Dill, botanisch Anethum graveolens, gehört wie Fenchel zur Familie der Doldenblütler. Äußerlich kommt Dill zart und fedrig daher, sein Geschmack hat es aber in sich: sein typisches kräftiges herb-süßes Aroma lässt sich in der Küche vielseitig einsetzten. Besonders in der Skandinavischen und Deutschen Küche ist er beliebt: Graved Lachs, Marinaden, Frankfurter Sauce, Eintöpfe und natürlich Gurken - eingelegt oder als Salat - verleiht sein spezieller Geschmack die süßlich-pikante Würze. Die Herkunft des feinen Krauts ist umstritten, wahrscheinlich stammt Dill aus Südeuropa oder Asien. Bereits im Mittelalter wurde er als Küchenkraut zum Einlegen und Würzen von Speisen eingesetzt und für seine krampflösende Wirkung geschätzt. Das kräftige Aroma von Dill verträgt sich am besten mit schlichten Kräutern wie Petersilie, Zwiebeln und Knoblauch.
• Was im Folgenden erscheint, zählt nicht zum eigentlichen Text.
(* Let $\mathcal I=\{x_0,x_1,x_2,\ldots\}$ be the standard infinite generating set of Thompson's group $F$ and let $T_1,T_2$ be finite rooted binary trees each with $n$ nodes. Then $d_{RA}(T_1,T_2)=|(T_1,T_2)|_{\mathcal I}$, where $|(T_1,T_2)|_{\mathcal I}$ is the word length, with respect to $\mathcal I$, of the element of $F$ represented by the tree pair diagram $(T_1,T_2)$.
   Context: Trees: finite rooted binary trees, each internal vertex (node) having a left and a right child; a tree with $n$ nodes has $n+1$ leaves numbered $0,\ldots,n$ from left to right. The right arm consists of the root and all nodes reachable from it by right edges only. Right rotation at a node $N$ whose left child $M$ is a node (with $A,B$ the subtrees of $M$, $C$ the right subtree of $N$) replaces the subtree at $N$ by one whose root has left subtree $A$ and right child a node with subtrees $B,C$; left rotation is the inverse. The right-arm rotation distance $d_{RA}(T_1,T_2)$ is the minimal number of rotations, each performed at a node on the right arm, needed to transform $T_1$ into $T_2$. Thompson's group $F=\langle x_0,x_1,\ldots\mid x_i^{-1}x_nx_i=x_{n+1}\ (i<n)\rangle$. The leaf exponent of leaf $k$ in a tree is the length of the longest upward path of left edges from leaf $k$ none of whose vertices lies on the right arm. The tree pair diagram $(T_1,T_2)$ represents the element of $F$ given by the word $x_0^{f_0}\cdots x_n^{f_n}x_n^{-e_n}\cdots x_0^{-e_0}$, where $e_i$, $f_i$ are the leaf exponents of leaf $i$ in $T_1$, $T_2$. Word length with respect to a generating set is the length of a shortest word in the generators and their inverses representing the element. *)

From mathcomp Require Import all_boot.
Set Implicit Arguments. Unset Strict Implicit. Unset Printing Implicit Defensive.

Inductive tree : Type := Leaf | Node of tree & tree.

Fixpoint nodes (t : tree) : nat :=
  match t with Leaf => 0 | Node l r => (nodes l + nodes r).+1 end.

Inductive rot_root : tree -> tree -> Prop :=
| RotRight A B C : rot_root (Node (Node A B) C) (Node A (Node B C))
| RotLeft  A B C : rot_root (Node A (Node B C)) (Node (Node A B) C).

Inductive ra_step : tree -> tree -> Prop :=
| RAroot t t' : rot_root t t' -> ra_step t t'
| RAright A r r' : ra_step r r' -> ra_step (Node A r) (Node A r').

Inductive ra_path : nat -> tree -> tree -> Prop :=
| RAP0 t : ra_path 0 t t
| RAPS k t u v : ra_step t u -> ra_path k u v -> ra_path k.+1 t v.

Definition ra_dist_is (T1 T2 : tree) (d : nat) : Prop :=
  ra_path d T1 T2 /\ forall k, ra_path k T1 T2 -> d <= k.

(* lpath t : for each leaf of t (left to right), the number of edges of the
   maximal upward path of left edges from that leaf staying inside t. *)
Fixpoint lpath (t : tree) : seq nat :=
  match t with
  | Leaf => [:: 0]
  | Node l r =>
      let s := lpath l in (head 0 s).+1 :: behead s ++ lpath r
  end.

(* leaf exponents of a tree: the upward left paths may not contain any
   vertex of the right arm (root and its iterated right children). *)
Fixpoint leaf_exps (t : tree) : seq nat :=
  match t with
  | Leaf => [:: 0]
  | Node l r => lpath l ++ leaf_exps r
  end.

(* A letter (i, true) is x_i, (i, false) is x_i^{-1}. *)
Definition letter := (nat * bool)%type.
Definition word := seq letter.

Inductive feq : word -> word -> Prop :=
| feq_refl u : feq u u
| feq_sym u v : feq u v -> feq v u
| feq_trans u v w : feq u v -> feq v w -> feq u w
| feq_cong a b u v : feq u v -> feq (a ++ u ++ b) (a ++ v ++ b)
| feq_free i s : feq [:: (i, s); (i, ~~ s)] [::]
| feq_rel i n : i < n ->
    feq [:: (i, false); (n, true); (i, true)] [:: (n.+1, true)].

Definition wlen_is (w : word) (d : nat) : Prop :=
  (exists u : word, size u = d /\ feq u w) /\
  forall u : word, feq u w -> d <= size u.

(* The word x_0^{f_0} ... x_n^{f_n} x_n^{-e_n} ... x_0^{-e_0} of the
   tree pair diagram (T1,T2), e = leaf exponents of T1, f = of T2. *)
Definition tpd_word (T1 T2 : tree) : word :=
  let e := leaf_exps T1 in
  let f := leaf_exps T2 in
  flatten [seq nseq (nth 0 f i) (i, true) | i <- iota 0 (size f)] ++
  flatten [seq nseq (nth 0 e i) (i, false) | i <- rev (iota 0 (size e))].

From mathcomp Require Import all_boot zify.
From Stdlib Require Import FunctionalExtensionality.
Set Implicit Arguments. Unset Strict Implicit. Unset Printing Implicit Defensive.

(* Write the element of (T1, T2) as [arm_word T2 0 * (arm_word T1 0)^-1].  A
   right-arm rotation of T2 multiplies it by a single generator, so a rotation
   path of length k gives a word of length k.  Conversely, F acts on forests
   of dyadic intervals ([x_i] joins the trees at positions i and i+1, reducing
   a caret over two sibling intervals), and the cost of a forest -- its number
   of carets plus, for each leaf, the number of times in a row that its
   interval is a left half -- changes by at most one per generator and is zero
   on the trivial forest.  So every word for the element is at least as long
   as the cost c of the image of the trivial forest, which is computed along
   the right arm of T2.  Finally, while c > 0 some right-arm rotation of T2
   lowers c (a right rotation where the graft of a left subtree keeps a
   caret, a left rotation merging two sibling intervals otherwise), and c = 0
   forces T2 = T1; hence d_RA <= c <= word length <= d_RA. *)

Definition inv_letter (a : letter) : letter := (a.1, ~~ a.2).
Definition inv_word (u : word) : word := rev (map inv_letter u).

Lemma inv_word_cat u v : inv_word (u ++ v) = inv_word v ++ inv_word u.
Proof. by rewrite /inv_word map_cat rev_cat. Qed.

Lemma feq_catl p u v : feq u v -> feq (p ++ u) (p ++ v).
Proof. by move=> h; have := feq_cong p [::] h; rewrite !cats0. Qed.

Lemma feq_catr q u v : feq u v -> feq (u ++ q) (v ++ q).
Proof. by move=> h; have := feq_cong [::] q h. Qed.

Lemma feq_cons a u v : feq u v -> feq (a :: u) (a :: v).
Proof. exact: (feq_catl [:: a]). Qed.

Lemma feq_cancel a u : feq (a :: inv_letter a :: u) u.
Proof. by case: a => i s; have := feq_catr u (feq_free i s). Qed.

Lemma feq_cancel_inv a u : feq (inv_letter a :: a :: u) u.
Proof. by case: a => i s; have := feq_catr u (feq_free i (~~ s)); rewrite negbK. Qed.

Lemma feq_cat_inv_word u : feq (u ++ inv_word u) [::].
Proof.
elim: u => [|a u IH] /=; first exact: feq_refl.
rewrite /inv_word /= rev_cons -cats1 -/(inv_word u) catA.
exact: feq_trans (feq_cons _ (feq_catr _ IH)) (feq_cancel a [::]).
Qed.

Lemma feq_commute i n b : i < n -> feq [:: (i, true); (n.+1, b)] [:: (n, b); (i, true)].
Proof.
move=> lt_in.
have pos : feq [:: (i, true); (n.+1, true)] [:: (n, true); (i, true)].
  apply: feq_sym; apply: feq_trans (feq_sym (feq_cancel (i, true) _)) _.
  exact: feq_cons (feq_rel lt_in).
case: b => //.
apply: feq_trans (feq_sym (feq_cancel_inv (n, true) [:: (i, true); (n.+1, false)])) _.
apply: feq_trans (feq_cong [:: (n, false)] [:: (n.+1, false)] (feq_sym pos)) _ => /=.
exact: (feq_catl [:: (n, false); (i, true)] (feq_cancel (n.+1, true) [::])).
Qed.

Fixpoint leaves (t : tree) : nat :=
  if t is Node a b then leaves a + leaves b else 1.

Lemma leaves_gt0 t : 0 < leaves t.
Proof. elim: t => //= a IHa b IHb; lia. Qed.

Lemma leaves_nodes t : leaves t = (nodes t).+1.
Proof. elim: t => //= a IHa b IHb; lia. Qed.

Fixpoint caret_word (t : tree) (o : nat) : word :=
  if t is Node a b then (o, true) :: caret_word a o ++ caret_word b (o + leaves a)
  else [::].

Fixpoint arm_word (t : tree) (o : nat) : word :=
  if t is Node l r then caret_word l o ++ arm_word r (o + leaves l) else [::].

Fixpoint exp_word (s : seq nat) (o : nat) : word :=
  if s is e :: s' then nseq e (o, true) ++ exp_word s' o.+1 else [::].

Lemma exp_word_cat s1 s2 o : exp_word (s1 ++ s2) o = exp_word s1 o ++ exp_word s2 (o + size s1).
Proof. by elim: s1 o => [|e s IH] o /=; rewrite ?addn0 // IH catA addSnnS. Qed.

Lemma size_lpath t : size (lpath t) = leaves t.
Proof.
elim: t => //= a IHa b IHb; rewrite size_cat size_behead IHa IHb.
have := leaves_gt0 a; lia.
Qed.

Lemma exp_word_lpath t o : exp_word (lpath t) o = caret_word t o.
Proof.
elim: t o => //= a IHa b IHb o.
case E: (lpath a) (IHa o) (size_lpath a) => [|h s] /= <- size_a.
  by have := leaves_gt0 a; lia.
by rewrite exp_word_cat IHb -catA -size_a addSnnS.
Qed.

Lemma exp_word_leaf_exps t o : exp_word (leaf_exps t) o = arm_word t o.
Proof. by elim: t o => //= l _ r IH o; rewrite exp_word_cat exp_word_lpath size_lpath IH. Qed.

Lemma flatten_exp_word f o :
  flatten [seq nseq (nth 0 f (i - o)) (i, true) | i <- iota o (size f)] = exp_word f o.
Proof.
elim: f o => [|e f IH] o //=; rewrite subnn /= -IH; congr (_ ++ flatten _).
apply/eq_in_map => i; rewrite mem_iota => /andP[le_oi _].
by rewrite (_ : i - o = (i - o.+1).+1) //; lia.
Qed.

Lemma flatten_rev_inv (F : nat -> nat) s :
  flatten [seq nseq (F i) (i, false) | i <- rev s] =
  inv_word (flatten [seq nseq (F i) (i, true) | i <- s]).
Proof.
elim: s => [|a s IH] //=.
by rewrite rev_cons map_rcons flatten_rcons IH inv_word_cat /inv_word map_nseq rev_nseq.
Qed.

Lemma tpd_wordE T1 T2 : tpd_word T1 T2 = arm_word T2 0 ++ inv_word (arm_word T1 0).
Proof.
rewrite /tpd_word -!exp_word_leaf_exps -!(flatten_exp_word _ 0) flatten_rev_inv.
by congr (_ ++ _); [|congr inv_word]; congr flatten; apply: eq_map => i; rewrite subn0.
Qed.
Dill: Spitzen, Dolden und Samen

Dilldolden

© wrw

Die gesamte Dillpflanze lässt sich für die Küche nutzen: Die aufgeblühten Dillkronen, das sogenannte Gurkenkraut, aromatisieren eingelegte Gurken und Gurkensalate, die Dillspitzen und Dillblätter sind herber im Arom und verfeinern allerlei Speisen und feine Dressings, die Dillsamen haben den intensivsten Geschmack und die aus Samen und Früchten gewonnenen ätherischen Öle wirken appetitanregend und wirken beruhigend auf Magen und Verdauung. An Mineralstoffen sind in Dill Kalium und Natrium enthalten.